The Cranemere team, under Mai’s leadership, works in partnership with the management teams of these companies to invest behind a long-term strategy to accelerate growth. Cranemere was founded on the principle of inclusive stakeholder capitalism and long-term investment, with the integration of sustainability and social impact into Cranemere’s business activities.

==Philanthropy and honours==
Mai was chairman of the board of Sesame Workshop, producers of Sesame Street, the children’s educational television programme, for 13 years. He stepped down from the board of Sesame Workshop in 2019, and has served as chairman of the Sesame Global Advisory Board since then. He serves on the boards of the International Center for Transitional Justice and the Juilliard School, and is a former trustee of the Carnegie Corporation of New York.

Mai is on the Global Partners Council of the Institute for New Economic Thinking, and formerly chaired the board of the Aaron Diamond AIDS Research Center.

In 2009, Mai was honoured at the National Leadership Awards, a dinner co-sponsored by the Merage Foundation for the American Dream and the Woodrow Wilson International Center for Scholars.
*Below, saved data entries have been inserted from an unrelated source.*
Lemma area_eqv_wcomml u u' g N :
  area_eqv (u ++ g ++ winv u) (u' ++ g ++ winv u') N ->
  area_eqv (wcomm u g) (wcomm u' g) N.
Proof. by rewrite /area_eqv winv_wcomm /wcomm !winv_cat !winvK -!catA wcatK. Qed.

Lemma area_eqv_wcommr u g g' N : Xword u -> Xword g' ->
  area_eqv g g' N -> area_eqv (wcomm u g) (wcomm u g') (N + N).
Proof.
move=> Xu Xg' E; apply: (area_eqv_trans (v := u ++ g' ++ winv u ++ winv g)).
  by apply: area_eqv_catl => //; apply: area_eqv_catr.
rewrite /wcomm !catA; apply: area_eqv_catl; first by rewrite !X_word_cat X_word_winv Xu Xg'.
by apply/area_eqv_sym/area_eqv_winv/area_eqv_sym.
Qed.

End Area.

Definition xtuple (tau : nat -> nat) : nat -> word Xgen := fun k => xg (tau k) k.

Definition wsubst1 (S : nat -> word Xgen) (x : nat * bool) : word Xgen :=
  if x.2 then winv (S x.1) else S x.1.

Lemma wsubst_cons S x w : wsubst S (x :: w) = wsubst1 S x ++ wsubst S w.
Proof. by []. Qed.

Lemma size_wsubst_xtuple tau w : size (wsubst (xtuple tau) w) = size w.
Proof. by elim: w => //= -[k s] w IH; rewrite size_cat IH; case: s. Qed.

Lemma wsubst1_linv S x : wsubst1 S (linv x) = winv (wsubst1 S x).
Proof. by case: x => k []; rewrite /wsubst1 /= ?winvK. Qed.

Lemma wsubst_fcons S x w : feq (wsubst S (fcons x w)) (wsubst S (x :: w)).
Proof.
case: w => [|y t] //=; case: ifP => // /cancelsE ->.
by rewrite !wsubst_cons wsubst1_linv wcatKV.
Qed.

Lemma wsubst_freduce S w : feq (wsubst S w) (wsubst S (freduce w)).
Proof.
elim: w => // x w IH; rewrite [freduce _]/= -/(freduce w) wsubst_fcons.
by rewrite !wsubst_cons IH.
Qed.

Section Letters.
Variables n r : nat.
Local Notation Xword := (X_word n r).
Local Notation area_eqv := (area_eqv n r).
Local Notation area_comm := (area_comm n r).
Implicit Types (u x y h : word Xgen) (N : nat).

Lemma X_word_xg a k : a < n.-1 -> k < r -> Xword (xg a k).
Proof. by rewrite /X_word /= => -> ->. Qed.

Lemma all_wsubst (P : pred Xgen) S (w : word nat) :
  (forall k, k < r -> all (fun z => P z.1) (S k)) -> Fr_word r w ->
  all (fun z => P z.1) (wsubst S w).
Proof.
move=> HS; elim: w => //= -[k s] w IH /andP[/= hk hw].
by rewrite all_cat IH // andbT; case: s; rewrite ?all_winv HS.
Qed.

Lemma all_wsubst_xtuple (P : pred Xgen) tau (w : word nat) :
  (forall k, k < r -> P (tau k, k)) -> Fr_word r w ->
  all (fun z => P z.1) (wsubst (xtuple tau) w).
Proof. by move=> HP; apply: all_wsubst => k hk; rewrite /= HP. Qed.

Lemma X_word_wsubst_xtuple tau (w : word nat) :
  (forall k, k < r -> tau k < n.-1) -> Fr_word r w -> Xword (wsubst (xtuple tau) w).
Proof.
move=> Htau; apply: (all_wsubst_xtuple (P := fun g : Xgen => (g.1 < n.-1) && (g.2 < r))).
by move=> k hk /=; rewrite Htau.
Qed.

Lemma area_comm_xg a b k :
  a < n.-1 -> b < n.-1 -> k < r -> area_comm (xg a k) (xg b k) 1.
Proof.
move=> ha hb hk; have [<-|neq_ab] := eqVneq a b; first exact: area_leW (area_comm_refl _ _ _).
by apply: area_le_relator; left; exists a, b, k.
Qed.

Lemma area_comm_xg_quot a b c m k :
  a < n.-1 -> b < n.-1 -> c < n.-1 -> m < r -> k < r ->
  [|| b == c, m == k | (a != b) && (a != c)] ->
  area_comm (xg a m) (xg b k ++ winv (xg c k)) 2.
Proof.
(* b = c: trivially; m = k: two relators of R1; otherwise one relator of R2 *)
move=> ha hb hc hm hk; have [<- _|neq_bc] := eqVneq b c.
  by rewrite wcatV; apply: area_leW (area_comm_nil _ _ _).
have [<- _|neq_mk] := eqVneq m k.
  apply: (area_comm_catr (N := 1)); first exact: X_word_xg.
    exact: area_comm_xg.
  by apply: area_comm_winvr; [exact: X_word_xg | exact: area_comm_xg].
move=> /andP[neq_ab neq_ac]; apply: (area_leW (N := 1)) => //.
by apply: area_le_relator; right; exists a, b, c, m, k.
Qed.

Lemma area_comm_letters (ok : pred Xgen) x h c :
  (forall a, ok a -> Xword [:: (a, false)] -> area_comm x [:: (a, false)] c) ->
  all (fun z => ok z.1) h -> Xword h -> area_comm x h (c * size h).
Proof.
move=> Hok; elim: h => [|[a s] h IH] /=; first by rewrite muln0 => _ _; apply: area_comm_nil.
move=> /andP[oka okh] /andP[Xa Xh]; rewrite mulnS -cat1s.
have Xa1 : Xword [:: (a, false)] by rewrite /X_word /= Xa.
have Ha := Hok a oka Xa1.
apply: area_comm_catr; [by rewrite /X_word /= Xa | | exact: IH].
by case: s; [exact: area_comm_winvr Xa1 Ha | exact: Ha].
Qed.

Lemma area_eqv_conj_swap s t G N :
  area_comm (s ++ winv t) (t ++ G ++ winv t) N ->
  area_eqv (s ++ G ++ winv s) (t ++ G ++ winv t) N.
Proof. by rewrite /area_comm /area_eqv /wcomm !winv_cat !winvK -!catA wcatK wcatK. Qed.

Lemma area_eqv_conjV_swap s t G N : Xword t -> Xword (s ++ winv t) ->
  area_comm (s ++ winv t) G N ->
  area_eqv (winv s ++ G ++ s) (winv t ++ G ++ t) N.
Proof.
move=> Xt Xst /(area_comm_winvl Xst) /(area_le_conj (c := winv t)).
rewrite X_word_winv => /(_ Xt).
by rewrite /area_eqv /wcomm !winv_cat !winvK -!catA wcatK.
Qed.

Lemma area_comm_wpow y rho N z :
  Xword rho -> area_comm y rho N -> area_comm y (wpow rho z) (N * Z.abs_nat z).
Proof.
have comm_pow u k : Xword u -> area_comm y u N -> area_comm y (flatten (nseq k u)) (N * k).
  move=> Xu Hu; elim: k => [|k IH]; first by rewrite muln0; apply: area_comm_nil.
  by rewrite mulnS; apply: area_comm_catr.
move=> Xrho Hrho; rewrite /wpow; case: (Z.leb_spec 0 z) => hz.
  have -> : Z.abs_nat z = Z.to_nat z by lia.
  exact: comm_pow.
have -> : Z.abs_nat z = Z.to_nat (- z) by lia.
by apply: comm_pow; [rewrite X_word_winv | apply: area_comm_winvr].
Qed.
The awards recognise the outstanding achievements of US immigrants.

In December 2012, Mai was honoured at the Robert F. Kennedy Center for Justice and Human Rights' Ripple of Hope Awards Dinner.
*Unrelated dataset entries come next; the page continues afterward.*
Theorem mainTheorem5 (W : omega1) (R : idomainType)
  (J : {fraction R} -> Prop) (r : W -> R) :
  valuation_domain R ->
  card_aleph1 W R ->
  is_type J ->
  ~ countably_generated J ->
  type_repr J r ->
  essentially_countable r ->
  (forall N : W -> R -> Prop, filtration N -> D_zero (Gamma'_set r N)) /\
  D_one (Gamma_set r).
Proof.
move=> _ _ _ _ [_ [r_chain _]] /essentially_countable_covers.
move=> [s0 [G HG]]; split.
- move=> N [Nsub [_ [Nmono [Ncov _]]]]; have [idx Hidx] := functional_choice _ Ncov.
  exists (fun d => [/\ is_limit d, s0 <w d &
                        forall t, t <w d -> forall k, idx (G t k) <w d]).
  split; first exact: cub_closure_points.
  move=> d [Hd Hs0d Hclosed]; split=> // [[_ [u [Hu [Huc Hnot]]]]].
  have HNG t : t <w d -> forall k, N d (G t k).
    by move=> Ht k; exact: Nmono _ _ (Hclosed t Ht k) _ (Hidx _).
  have [f Hfu Hf] := coherent_units_normalize r_chain (Nsub d) Hd Hs0d HG HNG Hu Huc.
  by have [s [Hs []]] := Hnot f Hfu; exact: Hf.
- exists (fun d => [/\ is_limit d, s0 <w d & forall t, t <w d -> forall k : nat, s0 <w d]).
  split; first exact: (cub_closure_points s0 (fun _ _ => s0)).
  move=> d [Hd Hs0d _]; split=> // _; split=> //.
  exact: (limit_incomplete r_chain (HG d Hs0d) Hd Hs0d).
Qed.
(* Let $A$ be a set and $T=A^*$ the free monoid on $A$. Let $Y$ be a semilattice and let $\cdot$ be a left partial action of $T$ on $Y$ satisfying axioms (A), (B), (C), which is a partially defined action and such that the restriction semigroup $M(T,Y)$ is an ultra $F$-restriction monoid. Let $X=(Y\times T)/\!\approx$ be the poset and $*$ the left action of $T$ on $X$ given by $t*[y,s]=[y,ts]$ (constructed as in the context). Then: (1) $X$ is a meet semilattice; (2) $*$ is an action of $T$ on $X$ by order-embeddings such that for every $t\in T$ the range $\{t*x\colon x\in X\}$ is an order ideal of $X$, so that the $W$-product $W(T,X)$ can be formed; (3) $M(T,Y)$ embeds into $W(T,X)$ as a $(2,1,1)$-subalgebra (i.e. there is an injective homomorphism of $(2,1,1)$-algebras $M(T,Y)\to W(T,X)$).
   Context: A restriction semigroup is an algebra $(S,\cdot,{}^*,{}^+)$ where $(S,\cdot)$ is a semigroup and the identities $xx^*=x$, $x^*y^*=y^*x^*$, $(xy^* )^*=x^*y^*$, $x^*y=y(xy)^*$, $x^+x=x$, $x^+y^+=y^+x^+$, $(x^+y)^+=x^+y^+$, $xy^+=(xy)^+x$, $(x^+)^*=x^+$, $(x^* )^+=x^*$ hold; homomorphisms preserve the product and both unary operations. If it has an identity it is a restriction monoid. $P(S)=\{x^*\colon x\in S\}=\{x^+\colon x\in S\}$ is the semilattice of projections. $\sigma$ is the least congruence identifying all projections ($a\,\sigma\, b$ iff $ea=eb$ for some $e\in P(S)$). $S$ is proper if ($a^*=b^*$ and $a\,\sigma\, b$) implies $a=b$ and ($a^+=b^+$ and $a\,\sigma\, b$) implies $a=b$. The natural partial order is $a\le b$ iff $a=eb$ for some $e\in P(S)$. $S$ is $F$-restriction if every $\sigma$-class has a maximum element. A left partial action of a monoid $T$ on a set $Y$ is a partial map $(t,y)\mapsto t\cdot y$ with $1\cdot y$ defined and equal to $y$, and such that if $t\cdot y$ and $s\cdot(t\cdot y)$ are defined then $(st)\cdot y$ is defined and equals $s\cdot(t\cdot y)$. Write $\varphi_t$ for the partial map $y\mapsto t\cdot y$. For $Y$ a semilattice, the axioms are: (A) $\mathrm{dom}(\varphi_t)$ and $\mathrm{ran}(\varphi_t)$ are order ideals of $Y$; (B) $\varphi_t$ is an order-isomorphism from $\mathrm{dom}(\varphi_t)$ onto $\mathrm{ran}(\varphi_t)$; (C) $\mathrm{dom}(\varphi_t)\neq\varnothing$. The reverse right partial action $\circ$ is: $y\circ t$ is defined iff $y\in\mathrm{ran}(\varphi_t)$, and then $y\circ t=\varphi_t^{-1}(y)$. Then $M(T,Y)=\{(y,t)\in Y\times T\colon y\circ t \text{ defined}\}$ with $(x,s)(y,t)=(s\cdot((x\circ s)\wedge y),st)$, $(y,t)^*=(y\circ t,1)$, $(y,t)^+=(y,1)$ is a proper restriction semigroup. For a proper restriction semigroup $S$, its underlying left partial action is the partial action of $S/\sigma$ on $E=P(S)$: $t\cdot e$ is defined iff there is $a\in t$ with $a^*\ge e$, and then $t\cdot e=(ae)^+$. A left partial action is a partially defined action if for all $s,t,x$: $(st)\cdot x$ is defined iff $t\cdot x$ and $s\cdot(t\cdot x)$ are defined. A restriction semigroup is ultra proper if it is proper and its underlying left partial action is a partially defined action; an ultra $F$-restriction monoid is an ultra proper $F$-restriction monoid. Construction of $X$: for $(x,s),(y,t)\in Y\times T$ put $(x,s)\to(y,t)$ if there is $p\in T$ with $s=tp$, $p\cdot x$ defined and $p\cdot x=y$. Let $\sim$ be the equivalence relation generated by $\to$, with classes $[x,s]_\sim$. On $(Y\times T)/\!\sim$ put $A\ge B$ if there are $(x,s)\in A$ and $(y,s)\in B$ with $x\ge y$; this is a preorder. Let $(x,s)\approx(y,t)$ iff $[x,s]_\sim\le[y,t]_\sim$ and $[y,t]_\sim\le[x,s]_\sim$; $X=(Y\times T)/\!\approx$ with the induced partial order and classes $[x,s]$. The action $t*[y,s]=[y,ts]$ is well defined. $W$-product: if a monoid $T$ acts on the left on a semilattice $X$ by order-embeddings with each range $t*X$ an order ideal, then $W(T,X)=\{(t*y,t)\colon y\in X,t\in T\}$ with $(t*y,t)(s*x,s)=(t*y\wedge (ts)*x,ts)$, $(t*y,t)^*=(y,1)$, $(t*y,t)^+=(t*y,1)$. *)

(* Free monoid T = A^* is [list A] with concatenation [++]
   (so the product st is s ++ t) and identity [nil]. *)
From Stdlib Require Import List Relations ClassicalEpsilon.
Import ListNotations.

Set Implicit Arguments.
Unset Strict Implicit.

Definition is_semilattice (Y : Type) (meet : Y -> Y -> Y) : Prop :=
  (forall x y z, meet x (meet y z) = meet (meet x y) z) /\
  (forall x y, meet x y = meet y x) /\
  (forall x, meet x x = x).

Definition leY (Y : Type) (meet : Y -> Y -> Y) (x y : Y) : Prop := meet x y = x.

Definition is_left_partial_action (A Y : Type) (act : list A -> Y -> option Y) : Prop :=
  (forall y, act [] y = Some y) /\
  (forall s t y z w, act t y = Some z -> act s z = Some w -> act (s ++ t) y = Some w).

Definition in_dom (A Y : Type) (act : list A -> Y -> option Y) (t : list A) (y : Y) :=
  exists z, act t y = Some z.
Definition in_ran (A Y : Type) (act : list A -> Y -> option Y) (t : list A) (y : Y) :=
  exists z, act t z = Some y.

Definition axiomA (A Y : Type) (meet : Y -> Y -> Y) (act : list A -> Y -> option Y) :=
  forall t, (forall y y', in_dom act t y -> leY meet y' y -> in_dom act t y') /\
            (forall y y', in_ran act t y -> leY meet y' y -> in_ran act t y').

Definition axiomB (A Y : Type) (meet : Y -> Y -> Y) (act : list A -> Y -> option Y) :=
  forall t y1 y2 z1 z2, act t y1 = Some z1 -> act t y2 = Some z2 ->
    (leY meet y1 y2 <-> leY meet z1 z2).

Definition axiomC (A Y : Type) (act : list A -> Y -> option Y) :=
  forall t, exists y, in_dom act t y.

Definition partially_defined (A Y : Type) (act : list A -> Y -> option Y) :=
  forall s t x, in_dom act (s ++ t) x <->
    (exists z, act t x = Some z /\ in_dom act s z).

(* reverse right partial action: y o t = phi_t^{-1}(y) *)
Definition rev_act (A Y : Type) (act : list A -> Y -> option Y) (t : list A) (y : Y)
  : option Y :=
  match excluded_middle_informative (in_ran act t y) with
  | left H => Some (proj1_sig (constructive_indefinite_description _ H))
  | right _ => None
  end.

(* carrier: pairs (y,t) with y o t defined; operations are total on Y * T
   with irrelevant default values outside the carrier. *)
Definition inM (A Y : Type) (act : list A -> Y -> option Y) (p : Y * list A) : Prop :=
  in_ran act (snd p) (fst p).

Definition mulM (A Y : Type) (meet : Y -> Y -> Y) (act : list A -> Y -> option Y)
  (p q : Y * list A) : Y * list A :=
  let (x, s) := p in let (y, t) := q in
  (match rev_act act s x with
   | Some u => match act s (meet u y) with Some v => v | None => x end
   | None => x end, s ++ t).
=== Grey High School Bursary Scheme ===
Mai launched a school bursary scheme at his old high school for worthy recipients from less- privileged backgrounds to receive a high quality education. Springboks Rugby World Cup-winning captain Siya Kolisi was the 75th beneficiary of the bursary scheme, which allowed him to attend Grey High School in Port Elizabeth. Kolisi said, “Without the opportunity, there is no way I’d be where I am today”, in reference to being the recipient of the bursary.
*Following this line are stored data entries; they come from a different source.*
(* Let $G$ be a directed graph with vertices $s,t$ and $k\ge1$. The function $\hat d_{\mathrm{sum}}:U^k_{\mathrm{lr}}\to\mathbb N$, $\hat d_{\mathrm{sum}}(C)=\sum_{e\in E_{\mathrm{shr}}(C)}\binom{\mu_e(C)}{2}$, is submodular on the lattice $L^*$, i.e. $\hat d_{\mathrm{sum}}(C_1\vee C_2)+\hat d_{\mathrm{sum}}(C_1\wedge C_2)\le\hat d_{\mathrm{sum}}(C_1)+\hat d_{\mathrm{sum}}(C_2)$ for all $C_1,C_2\in L^*$.
   Context: An $s$-$t$ cut of a directed graph $G$ is a set $X\subseteq E(G)$ such that removing $X$ leaves no directed $s$-$t$ path; $\Gamma_G(s,t)$ is the set of $s$-$t$ cuts of minimum cardinality. Fix a maximum-size collection $\mathcal P$ of pairwise edge-disjoint directed $s$-$t$ paths (each minimum $s$-$t$ cut contains exactly one edge of each path in $\mathcal P$). For $X,Y\in\Gamma_G(s,t)$, $S_{\min}(X\cup Y)$ (resp. $S_{\max}(X\cup Y)$) consists, for each $p\in\mathcal P$, of the edge of $(X\cup Y)\cap p$ occurring first (resp. last) along $p$. $X\le Y$ means every directed $s$-$t$ path meets an edge of $X$ at or before an edge of $Y$. $U^k_{\mathrm{lr}}$ is the set of $k$-tuples $[X_1,\dots,X_k]$ of elements of $\Gamma_G(s,t)$ with $X_i\le X_j$ for all $i<j$. $L^*$ is the lattice on $U^k_{\mathrm{lr}}$ with componentwise order, join $[X_i]_i\vee[Y_i]_i=[S_{\max}(X_i\cup Y_i)]_i$ and meet $[X_i]_i\wedge[Y_i]_i=[S_{\min}(X_i\cup Y_i)]_i$. For $C=[X_1,\dots,X_k]$, $\mu_e(C)$ is the number of indices $i$ with $e\in X_i$, and $E_{\mathrm{shr}}(C)=\{e\in E(G):\mu_e(C)\ge2\}$. *)

From mathcomp Require Import all_boot.
Set Implicit Arguments. Unset Strict Implicit. Unset Printing Implicit Defensive.

Section MinCuts.
Variables (V E : finType) (src tgt : E -> V) (s t : V).

Fixpoint walk_from (x : V) (p : seq E) : bool :=
  if p is e :: p' then (src e == x) && walk_from (tgt e) p' else true.

Definition st_path (p : seq E) : bool :=
  [&& walk_from s p, last s (map tgt p) == t & uniq (s :: map tgt p)].

Definition st_cut (X : {set E}) : Prop :=
  forall p, st_path p -> exists2 e, e \in p & e \in X.

Definition min_st_cut (X : {set E}) : Prop :=
  st_cut X /\ forall Y : {set E}, st_cut Y -> #|X| <= #|Y|.

Definition cut_le (X Y : {set E}) : Prop :=
  forall p, st_path p ->
    exists x y, [/\ x \in p, y \in p, x \in X, y \in Y & index x p <= index y p].

Definition edge_disjoint_paths (P : seq (seq E)) : Prop :=
  (forall p, p \in P -> st_path p) /\
  (forall i j, i < size P -> j < size P -> i != j ->
     forall e, e \in nth [::] P i -> e \notin nth [::] P j).

Definition max_edge_disjoint_paths (P : seq (seq E)) : Prop :=
  edge_disjoint_paths P /\
  forall Q, edge_disjoint_paths Q -> size Q <= size P.

Definition first_in (A : {set E}) (p : seq E) (e : E) : bool :=
  [&& e \in p, e \in A & all (fun f => (f \in A) ==> (index e p <= index f p)) p].
Definition last_in (A : {set E}) (p : seq E) (e : E) : bool :=
  [&& e \in p, e \in A & all (fun f => (f \in A) ==> (index f p <= index e p)) p].

Definition Smin (P : seq (seq E)) (A : {set E}) : {set E} :=
  [set e | has (fun p => first_in A p e) P].
Definition Smax (P : seq (seq E)) (A : {set E}) : {set E} :=
  [set e | has (fun p => last_in A p e) P].

Definition in_Ulr (k : nat) (C : 'I_k -> {set E}) : Prop :=
  (forall i, min_st_cut (C i)) /\ (forall i j : 'I_k, i < j -> cut_le (C i) (C j)).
=== Plains of Camdeboo Private Nature Reserve ===
Mai and his family purchased farmland in the Camdeboo plains, in the Karoo region of South Africa, as an environmental restoration project. The project was founded in 2009, and is managed by the Wilderness Foundation Africa, which carries out the restoration work. This includes removing non-native invasive plants, reseeding the land with native and non-invasive plants, prevention of soil erosion, and re-introducing indigenous game.

==Family==
Vincent and his wife, Anne, have three children; James, Rebecca and Timothy; and six grandchildren.

Vincent's son, James Mai is a founder of Cornwall Capital.